Although there are plenty of examples for polymerization on surfaces,24,25 the modification of copolymer structures, or networks, anchored inside the pores of photonic crystals is still scarce in the literature. One example was shown by Voelcker and co-workers26 where surface initiated polymerization of poly(N-isopropyl acrylamide) inside the pores of porous silicon was achieved through Atom Transfer Radical Polymerization (ATRP) where the initiator was immobilized through silane chemistry on oxidised silicon. However, this method is not suitable for our purpose as the oxide layer within the PSi is not sufficiently stable in aqueous solution, under the timescales of the enzymatic measurements, resulting in signal drift.27 One way to maintain the optical integrity of the PSi is through passivation of the silicon via hydrosilylation.28 Previous studies by us have also shown that hydrosilylation with 1,8-nonadiyne opened up the possibility of further modification of the pores with “click” chemistry.29–31 In this work, building on our surface chemistry,29–31 the PSi was further modified with a synthetic polymer–peptide network. An anti-fouling polymer, P1 poly(oligoethylene glycol acrylate-stat-acrylic acid)N3, and a sacrificial polymer, P2 poly(hydroxyethyl acrylate-stat-N-hydroxysuccinimide ester acrylate), were synthesized via Cu(0)-mediated polymerization.32–34 The enzymatically degradable polymeric network was immobilized within the pores of PSi by first “clicking” P1 to an alkyne modified PSi surface, followed by immobilization of a peptide with diamine functionalities, and then the attachment of P2. These surfaces were then tested for their performance as an optical biosensor.

Materials and methods

Ethyl-2-bromoisobutyrate (EbiB, Aldrich, 98%), copper(II) bromide (Sigma-Aldrich, 99%), tris(2-(dimethylamino)ethyl)amine (Me6TREN) (Sigma-Aldrich, 99%), tetrahydrofuran (THF, Sigma, 99%), monomer acrylic acid N-hydrosuccinimide ester (Sigma-Aldrich, 99%) and dimethyl sulphoxide (DMSO, UNIVAR, AR) were all used as received. Copper wire (diameter = 1.25 mm) was activated by washing in sulfuric acid for 10 min. Tris(2-(dimethylamino)ethyl)amine (Me6TREN) (Sigma-Aldrich, 99%) was used as received. Monomers oligo(ethylene glycol) methyl ether acrylate (OEGA480) and hydroxyethyl acrylate (HEA) (Sigma-Aldrich, 99%) were de-inhibited by percolating over a column of basic alumina (Ajax, AR). Prime grade single-side polished silicon wafers, 100-oriented (〈100〉 ± 0.05°), p-type (boron), 500–550 μm thick, 0.001–0.0015 Ω cm resistivity as provided by suppliers, were obtained from SILTRONIX (Archamps, France).

Experimental procedure

Polymerization of P1 and P2

Cu(0)-mediated polymerization of the copolymer poly(oligo ethylene glycol methyl ether acrylate-stat-acrylic acid)-N3P1. In a typical polymerization, oligo(ethylene glycol) methyl ether acrylate (OEGA480, 2.5 g, 5.21 × 10−03 mol), tert-butyl acrylate (tBA, 0.4 g, 3.12 × 10−03 mol), DMSO (4 mL), EBiB (64 μL), Me6TREN(12 μL), and CuBr2 (7 mg) were charged to a polymerization flask fitted with a rubber septum and the mixture was degassed with nitrogen purging for 30 min. A slight positive pressure of nitrogen was then applied and the pre-activated copper wire (0.5 cm) was carefully added under a nitrogen blanket. The polymerization flask was then resealed and polymerized at room temperature for 24 h. Samples of the reaction were carefully removed for 1H NMR and GPC analysis. The samples for 1H NMR were simply diluted with CDCl3 while samples for GPC were first diluted with THF and then passed over an aluminium oxide column to remove metal salts.

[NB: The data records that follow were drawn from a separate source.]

(* Let $B, C_{in}, C_{out}, W_{in}, H_{in}, W_{out}, H_{out}$ be positive integers, and let $f:\mathbb{R}^{B\times C_{in}\times W_{in}\times H_{in}}\to\mathbb{R}^{B\times C_{out}\times W_{out}\times H_{out}}$ be the operation on an intermediate edge, of the form $f=\mathrm{BN}\circ K\circ\rho$, where: (i) $\rho$ is either the identity or the elementwise ReLU $t\mapsto\max(t,0)$; (ii) $K$ is either a 2D convolution without bias, $K(\mathbf{X})_{b,c_{out},w,h}=\sum_{c_{in}}\sum_{p,q}W_{c_{out},c_{in},p,q}\,\mathbf{X}_{b,c_{in},w+p,h+q}$ for a fixed filter $W$, or a max pooling or average pooling layer; (iii) $\mathrm{BN}$ is batch normalization with batch statistics: writing $d$ for the spatial index ranging over $D=W_{out}H_{out}$ positions, for input $\mathbf{Y}$ one sets $\mu_c=\frac{1}{BD}\sum_{b,d}\mathbf{Y}_{b,c,d}$, $\sigma_c^2=\frac{1}{BD}\sum_{b,d}(\mathbf{Y}_{b,c,d}-\mu_c)^2$, and $\mathrm{BN}(\mathbf{Y})_{b,c,d}=\gamma_c\frac{\mathbf{Y}_{b,c,d}-\mu_c}{\sqrt{\sigma_c^2}}+\beta_c$ with fixed parameters $\gamma_c,\beta_c\in\mathbb{R}$. Let $\mathbf{X}$ be an input at which $f$ is differentiable and for which $\sigma_c^2>0$ for all $c$, and let $L$ be any differentiable scalar function of the output $f(\mathbf{X})$ (e.g. a training loss depending on $\mathbf{X}$ only through this edge). Then the cost passed back through this edge vanishes: $$\sum_{b,c,w,h}\frac{\partial L}{\partial \mathbf{X}_{b,c,w,h}}\,\mathbf{X}_{b,c,w,h}=\Big\langle Df(\mathbf{X})^{\top}\frac{\partial L}{\partial f(\mathbf{X})},\,\mathbf{X}\Big\rangle=0.$$
   Context: In cell-based differentiable neural architecture search, a cell is a directed acyclic graph whose nodes are feature maps (tensors indexed by batch $b$, channel $c$, and spatial positions) and whose edges carry operations. An intermediate edge is an edge between two intermediate nodes of the cell. The ''cost'' of an edge with output feature map $\mathbf{X}$ is $\sum \frac{\partial L}{\partial \mathbf{X}}\odot \mathbf{X}$ (sum over all entries), and the claim concerns the part of the cost of a preceding edge that is back-propagated through an intermediate edge whose input is $\mathbf{X}$. The operation on the intermediate edge is assumed to be one of the non-skip candidates described (ReLU–convolution–BN or pooling–BN). *)

From HB Require Import structures.
From mathcomp Require Import all_boot all_order all_algebra.
From mathcomp Require Import all_classical all_reals all_analysis.
Set Implicit Arguments. Unset Strict Implicit. Unset Printing Implicit Defensive.
Import Order.TTheory GRing.Theory Num.Theory.
Import numFieldNormedType.Exports.
Local Open Scope ring_scope.

Section Tensors.
Variable R : realType.

Definition idx (B C W H : nat) := ('I_B * 'I_C * 'I_W * 'I_H)%type.

(* 4-tensors, stored as row vectors indexed by (an enumeration of) idx, so that
   they carry MathComp-Analysis' normed-module structure (needed for 'd, 'D). *)
Definition tensor (B C W H : nat) := 'rV[R]_(#|{: idx B C W H}|).

Definition tget B C W H (X : tensor B C W H) b c w h : R :=
  X ord0 (enum_rank ((b, c, w, h) : idx B C W H)).

Definition tmk B C W H (F : 'I_B -> 'I_C -> 'I_W -> 'I_H -> R) : tensor B C W H :=
  \row_j (let: (b, c, w, h) := enum_val j in F b c w h).

Definition tunit B C W H b c w h : tensor B C W H :=
  tmk (fun b' c' w' h' => if (b', c', w', h') == (b, c, w, h) then 1 else 0).

Definition tgetz B C W H (X : tensor B C W H) b c (i j : nat) : R :=
  match insub i, insub j with
  | Some w, Some h => tget X b c w h
  | _, _ => 0
  end.

Definition relu (t : R) : R := Num.max t 0.
Definition rho_op (use_relu : bool) B C W H (X : tensor B C W H) : tensor B C W H :=
  if use_relu then tmk (fun b c w h => relu (tget X b c w h)) else X.

(* (ii) 2D convolution without bias, filter Wt of size kP x kQ:
   K(X)_{b,co,w,h} = sum_ci sum_{p<kP,q<kQ} Wt co ci p q * X_{b,ci,w+p,h+q}
   (entries with w+p or h+q out of range are read as 0). *)
Definition conv2d B Cin Win Hin Cout Wout Hout (kP kQ : nat)
  (Wt : 'I_Cout -> 'I_Cin -> 'I_kP -> 'I_kQ -> R)
  (X : tensor B Cin Win Hin) : tensor B Cout Wout Hout :=
  tmk (fun b co w h =>
    \sum_(ci < Cin) \sum_(p < kP) \sum_(q < kQ)
      Wt co ci p q * tgetz X b ci (w + p)%N (h + q)%N).

Definition windows Win Hin Wout Hout := 'I_Wout -> 'I_Hout -> {set ('I_Win * 'I_Hin)}.

Definition maxpool B Cin Win Hin Cout Wout Hout (e : Cout = Cin)
  (S : windows Win Hin Wout Hout) (X : tensor B Cin Win Hin) : tensor B Cout Wout Hout :=
  tmk (fun b c w h =>
    let c' := cast_ord e c in
    match [pick i in S w h] with
    | Some i0 => \big[Num.max/tget X b c' i0.1 i0.2]_(i in S w h) tget X b c' i.1 i.2
    | None => 0
    end).

Definition avgpool B Cin Win Hin Cout Wout Hout (e : Cout = Cin)
  (S : windows Win Hin Wout Hout) (X : tensor B Cin Win Hin) : tensor B Cout Wout Hout :=
  tmk (fun b c w h =>
    (#|S w h|%:R)^-1 * \sum_(i in S w h) tget X b (cast_ord e c) i.1 i.2).

Definition is_conv_or_pool B Cin Win Hin Cout Wout Hout
  (K : tensor B Cin Win Hin -> tensor B Cout Wout Hout) : Prop :=
  (exists kP kQ (Wt : 'I_Cout -> 'I_Cin -> 'I_kP -> 'I_kQ -> R), K = @conv2d B Cin Win Hin Cout Wout Hout kP kQ Wt)
  \/ (exists (e : Cout = Cin) (S : windows Win Hin Wout Hout), K = maxpool e S)
  \/ (exists (e : Cout = Cin) (S : windows Win Hin Wout Hout), K = avgpool e S).

Definition bn_mean B C W H (Y : tensor B C W H) (c : 'I_C) : R :=
  (B * W * H)%N%:R^-1 * \sum_(b < B) \sum_(w < W) \sum_(h < H) tget Y b c w h.

Definition bn_var B C W H (Y : tensor B C W H) (c : 'I_C) : R :=
  (B * W * H)%N%:R^-1 *
    \sum_(b < B) \sum_(w < W) \sum_(h < H) (tget Y b c w h - bn_mean Y c) ^+ 2.

Definition batchnorm B C W H (gamma beta : 'I_C -> R) (Y : tensor B C W H)
  : tensor B C W H :=
  tmk (fun b c w h =>
    gamma c * ((tget Y b c w h - bn_mean Y c) / Num.sqrt (bn_var Y c)) + beta c).

End Tensors.

From HB Require Import structures.
From mathcomp Require Import all_boot all_order all_algebra.
From mathcomp Require Import all_classical all_reals all_analysis.
Set Implicit Arguments. Unset Strict Implicit. Unset Printing Implicit Defensive.
Import Order.TTheory GRing.Theory Num.Theory.
Import numFieldNormedType.Exports.
Local Open Scope ring_scope.

(* ReLU, convolution and pooling are positively homogeneous of degree one, and
   batch normalization cancels any positive factor, so f (s X) = f X for s > 0.
   Hence t |-> L (f ((1 + t) X)) is constant near 0 and the derivative of L o f
   at X in the direction X vanishes (Euler's identity for degree 0).  Expanding
   X in the coordinate tensors and using linearity of the differential, that
   derivative is exactly the sum of the partial derivatives weighted by the
   entries of X. *)

Section TensorEntries.
Variables (R : realType) (B C W H : nat).
Implicit Types (X Y : tensor R B C W H).

Lemma tget_tmk (F : 'I_B -> 'I_C -> 'I_W -> 'I_H -> R) b c w h :
  tget (tmk F) b c w h = F b c w h.
Proof. by rewrite /tget /tmk mxE enum_rankK. Qed.

Lemma tensorP X Y : (forall b c w h, tget X b c w h = tget Y b c w h) -> X = Y.
Proof.
move=> eqXY; apply/rowP => j; rewrite -(enum_valK j).
by case: (enum_val j) => [[[b c] w] h]; apply: eqXY.
Qed.

Lemma tgetZ (s : R) X b c w h : tget (s *: X) b c w h = s * tget X b c w h.
Proof. by rewrite /tget mxE. Qed.

Lemma tgetzZ (s : R) X b c i j : tgetz (s *: X) b c i j = s * tgetz X b c i j.
Proof.
rewrite /tgetz; case: insub => [w|]; last by rewrite mulr0.
by case: insub => [h|]; rewrite ?tgetZ ?mulr0.
Qed.

Lemma tunitE b c w h : tunit R b c w h = 'e_(enum_rank ((b, c, w, h) : idx B C W H)).
Proof.
apply/rowP => j; rewrite !mxE -(enum_valK j) enum_rankK.
case: (enum_val j) => [[[b' c'] w'] h'].
by rewrite eqxx (inj_eq enum_rank_inj); case: eqP.
Qed.

Lemma tensor_sum_tunit X :
  \sum_(b < B) \sum_(c < C) \sum_(w < W) \sum_(h < H)
     tget X b c w h *: tunit R b c w h = X.
Proof.
rewrite [RHS]row_sum_delta (reindex (@enum_rank _)) /=; last first.
  by exists enum_val => j _; rewrite ?enum_rankK ?enum_valK.
rewrite !pair_bigA; apply: eq_bigr => -[[[b c] w] h] _.
by rewrite tunitE.
Qed.

End TensorEntries.

Section ScalingLayers.
Variables (R : realType) (B Cin Win Hin Cout Wout Hout : nat).
Implicit Types (s : R) (X : tensor R B Cin Win Hin).

Lemma relu_pM s t : 0 <= s -> relu (s * t) = s * relu t.
Proof. by move=> s_ge0; rewrite /relu maxr_pMr // mulr0. Qed.

Lemma rho_op_pZ u s X : 0 <= s -> rho_op u (s *: X) = s *: rho_op u X.
Proof.
move=> s_ge0; case: u => //=; apply: tensorP => b c w h.
by rewrite tgetZ !tget_tmk tgetZ relu_pM.
Qed.

Lemma conv2dZ kP kQ (Wt : 'I_Cout -> 'I_Cin -> 'I_kP -> 'I_kQ -> R) s X :
  conv2d Wout Hout Wt (s *: X) = s *: conv2d Wout Hout Wt X.
Proof.
apply: tensorP => b c w h; rewrite tgetZ !tget_tmk !mulr_sumr.
apply: eq_bigr => ci _; rewrite mulr_sumr; apply: eq_bigr => p _.
by rewrite mulr_sumr; apply: eq_bigr => q _; rewrite tgetzZ mulrCA.
Qed.

Lemma maxpool_pZ (e : Cout = Cin) (S : windows Win Hin Wout Hout) s X :
  0 <= s -> maxpool e S (s *: X) = s *: maxpool e S X.
Proof.
move=> s_ge0; apply: tensorP => b c w h; rewrite tgetZ !tget_tmk.
case: pickP => [i0 _|_]; last by rewrite mulr0.
rewrite /= tgetZ; under eq_bigr => i _ do rewrite tgetZ.
by apply/esym/(big_morph (fun x => s * x)) => // x y; rewrite maxr_pMr.
Qed.

Lemma avgpoolZ (e : Cout = Cin) (S : windows Win Hin Wout Hout) s X :
  avgpool e S (s *: X) = s *: avgpool e S X.
Proof.
apply: tensorP => b c w h; rewrite tgetZ !tget_tmk mulrCA; congr (_ * _).
by rewrite mulr_sumr; apply: eq_bigr => i _; rewrite tgetZ.
Qed.

Lemma conv_or_pool_pZ (K : tensor R B Cin Win Hin -> tensor R B Cout Wout Hout) s X :
  is_conv_or_pool K -> 0 <= s -> K (s *: X) = s *: K X.
Proof.
move=> [[kP [kQ [Wt ->]]]|[[e [S ->]]|[e [S ->]]]] s_ge0.
- exact: conv2dZ.
- exact: maxpool_pZ.
- exact: avgpoolZ.
Qed.

End ScalingLayers.

Section BatchNormScaleInvariance.
Variables (R : realType) (B C W H : nat).
Implicit Types (s : R) (Y : tensor R B C W H).

Lemma bn_meanZ s Y c : bn_mean (s *: Y) c = s * bn_mean Y c.
Proof.
rewrite /bn_mean mulrCA; congr (_ * _).
rewrite mulr_sumr; apply: eq_bigr => b _.
rewrite !mulr_sumr; apply: eq_bigr => w _; rewrite mulr_sumr.
by apply: eq_bigr => h _; rewrite tgetZ.
Qed.

Lemma bn_varZ s Y c : bn_var (s *: Y) c = s ^+ 2 * bn_var Y c.
Proof.
rewrite /bn_var mulrCA; congr (_ * _).
rewrite mulr_sumr; apply: eq_bigr => b _.
rewrite !mulr_sumr; apply: eq_bigr => w _; rewrite mulr_sumr.
by apply: eq_bigr => h _; rewrite tgetZ bn_meanZ -mulrBr exprMn.
Qed.

Lemma batchnorm_scale_invariant (gamma beta : 'I_C -> R) s Y :
  0 < s -> batchnorm gamma beta (s *: Y) = batchnorm gamma beta Y.
Proof.
move=> s_gt0; apply: tensorP => b c w h; rewrite !tget_tmk tgetZ bn_meanZ bn_varZ.
rewrite sqrtrM ?sqr_ge0 // sqrtr_sqr gtr0_norm // -mulrBr invfM mulrACA.
by rewrite mulfV ?gt_eqF // mul1r.
Qed.

End BatchNormScaleInvariance.

Section EulerIdentity.
Variable R : realType.

Lemma derive_along_self_eq0 (V W : normedModType R) (g : V -> W) x :
  (forall s, 0 < s -> g (s *: x) = g x) -> 'D_x g x = 0.
Proof.
move=> g_inv; apply: cvg_lim => //.
apply: cvg_trans (near_eq_cvg _) (cvg_cst 0); near=> h.
have h_gt : 0 < 1 + h.
  have : `|h| < 1 by near: h; exact: dnbhs0_lt.
  by rewrite ltr_norml => /andP[h_gt _]; rewrite -ltrBlDl sub0r.
have -> : (g \o shift x) (h *: x) = g ((1 + h) *: x).
  by rewrite /= scalerDl scale1r addrC.
by rewrite g_inv // subrr scaler0.
Unshelve. all: by end_near.
Qed.

Lemma sum_tunit_derive B C W H (V : normedModType R) (g : tensor R B C W H -> V) X :
  differentiable g X ->
  \sum_(b < B) \sum_(c < C) \sum_(w < W) \sum_(h < H)
     tget X b c w h *: 'D_(tunit R b c w h) g X = 'D_X g X.
Proof.
move=> dg; rewrite deriveE //; set dgX := 'd g X.
rewrite -[in RHS](tensor_sum_tunit X) linear_sum.
apply: eq_bigr => b _; rewrite linear_sum; apply: eq_bigr => c _.
rewrite linear_sum; apply: eq_bigr => w _; rewrite linear_sum.
by apply: eq_bigr => h _; rewrite linearZ deriveE.
Qed.

End EulerIdentity.

Theorem theorem1 (R : realType) (B Cin Win Hin Cout Wout Hout : nat)
  (hB : (0 < B)%N) (hCin : (0 < Cin)%N) (hWin : (0 < Win)%N) (hHin : (0 < Hin)%N)
  (hCout : (0 < Cout)%N) (hWout : (0 < Wout)%N) (hHout : (0 < Hout)%N)
  (use_relu : bool)
  (K : tensor R B Cin Win Hin -> tensor R B Cout Wout Hout)
  (hK : is_conv_or_pool K)
  (gamma beta : 'I_Cout -> R)
  (L : tensor R B Cout Wout Hout -> R)
  (X : tensor R B Cin Win Hin) :
  let f := fun Z : tensor R B Cin Win Hin =>
             batchnorm gamma beta (K (rho_op use_relu Z)) in
  differentiable f X ->
  (forall c : 'I_Cout, 0 < bn_var (K (rho_op use_relu X)) c) ->
  differentiable L (f X) ->
  \sum_(b < B) \sum_(c < Cin) \sum_(w < Win) \sum_(h < Hin)
     'D_(tunit R b c w h) (L \o f) X * tget X b c w h = 0.
Proof.
move=> f df _ dL.
have f_pZ s : 0 < s -> f (s *: X) = f X.
  move=> s_gt0; rewrite /f rho_op_pZ ?ltW // conv_or_pool_pZ ?ltW //.
  by rewrite batchnorm_scale_invariant.
have DXLf : 'D_X (L \o f) X = 0.
  by apply: derive_along_self_eq0 => s s_gt0; rewrite /= f_pZ.
rewrite -[in RHS]DXLf -sum_tunit_derive; last exact: differentiable_comp.
apply: eq_bigr => b _; apply: eq_bigr => c _; apply: eq_bigr => w _.
by apply: eq_bigr => h _; rewrite mulrC.
Qed.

Conversion of polymerization was calculated via NMR. Both OEGA and tBA conversion was calculated by comparing the ratio between the intensity of acrylate bond (CH[double bond, length as m-dash]CH2) and methyl ether bond (O–CH3) and tert-butyl bond (C–C3H9) for OEGA and tBA respectively. The conversion for copolymerization is calculated to be >99%.

The polymer was purified via dialysis to remove any small molecule impurities. Pure poly(OEGA-stat-tBA) (2 g) was then dissolved in DMF (4.5 mL) and mixed with NaN3 (100 mg) and left to react overnight. The resulting polymer was purified again via dialysis against water and methanol. The presence of the azide group was verified by IR measurements. Finally the polymer was dissolved in dichloromethane (DCM) and mixed with trifluoroacetic acid (TFA) for the deprotection of the tert-butyl group to generate the acrylic acid group. The final polymer was isolated via dialysis and vacuum to remove any solvent residue and analysed via NMR and IR.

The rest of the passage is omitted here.